Posted 24 September 2018 by Gary Flood


The core of possible Department for Culture, Media and Sport (DCMS) proposals to boost the UK’s digital identity ecosystem could be a plan to “open up government databases via APIs to the private sector” – a move that could also “administer the last rites to” the current official way we’re doing Digital Identity in this country, GOV.UK Verify.

The claims come in Computer Weekly‘s editor Bryan Glick‘s blog last week, where he states that, “Under the proposals, databases containing vital identity information such as passports and driving licences could be accessed through APIs by identity providers. Any company seeking to offer digital IDs for online transactions would, in theory, be able to quickly and cheaply validate data against recognised government information – the closest thing the UK has to a ‘gold standard’ for identity data.”

Such a system would not mean third parties accessing data directly, writes Glick, only checking that ID data provided by an individual to that third party is correct – and which would also represent a reversal of the principles underlying Verify, which has been based on the idea of a small set of GDS partners being allowed to validate citizen IDs digitally.

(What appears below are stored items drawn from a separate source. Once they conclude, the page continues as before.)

Theorem mainTheorem12 (n k : nat) (sigma : seq nat) (pi' c' : seq nat) :
  2 <= n -> 1 <= k ->
  inAv n sigma -> k <= size sigma ->
  rainbow n (ritmo sigma) ->
  edge k n (pi', c') ->
  start_vertex k (pi', c') = arrival_vertex k (en k (Sfun sigma)) ->
  exists iota, 1 <= iota <= (size sigma).+1 /\
    en k (Sfun (star sigma iota)) = (pi', c').
Proof.
move=> Hn Hk [Ps _ Avs] Hks Hrb [_ [t [[Pt _ Avt] Hkt Et]]] Hv; rewrite -Et in Hv *.
have Hks' : 1 <= k <= size sigma by rewrite Hk Hks.
have [Hwin Hcol] := overlap_window Hks' Hkt Hv.
set o := size sigma - k.-1 in Hwin Hcol; set q := size t - k in Hwin Hcol.
have Hso : size sigma = o + k.-1 by rewrite /o; lia.
have Hto : size t = (q + k.-1).+1 by rewrite /q; lia.
have [Ut _] := is_perm_props Pt.
have Hwcol i : i < k.-1 -> colour t (q + i) = colour sigma (o + i).
  move=> Hi; have := congr1 (nth 0 ^~ i) Hcol.
  by rewrite /= nth_take // !nth_drop !nth_ritmo //; lia.
have Hreach : exists2 j, j < size sigma & colour sigma j = n.-1.
  have : n.-1 \in ritmo sigma by apply/Hrb; lia.
  by rewrite ritmo_colour // => /mapP [j]; rewrite mem_iota => Hj ->; exists j; lia.
have Hbound j : j < size t -> colour t j <= n.-1.
  by move=> Hj; apply: colour_le_of_avoids Avt _ Hj; lia.
have [v [Hv1 Hsep Hlast]] :=
  threshold_exists Ps Ut Hso Hto Hwin Hwcol Hreach Hbound.
exists v; split=> //.
rewrite /en /Sfun /= size_star (_ : (size sigma).+1 - k = o); last by rewrite /o; lia.
have Hv0 : 0 < v by lia.
congr pair.
  by apply/order_iso_std/(star_suffix_order_iso Hso Hto Ut Hv0 Hwin Hsep).
exact: (star_suffix_colours Ps Pt Hso Hto Hv0 Hwcol Hlast).
Qed.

Another strong argument the Department is pushing with, claims Glick: “DCMS is understood to believe its plan would be significantly cheaper to run than Verify – potentially costing a fraction of a penny per transaction. Using Verify, by contrast, GDS pays its pool of identity providers on average about £5 for each user they successfully register.”

He also warns that, “GDS’s existing contracts with the Verify IDPs are understood to be ending soon, and if the DCMS proposal is accepted it seems unlikely those IDP contracts would need to be renewed other than to manage existing users as the service they provide is wound down.”

DCMS has been conducting a review of UK Digital Identity plans since June.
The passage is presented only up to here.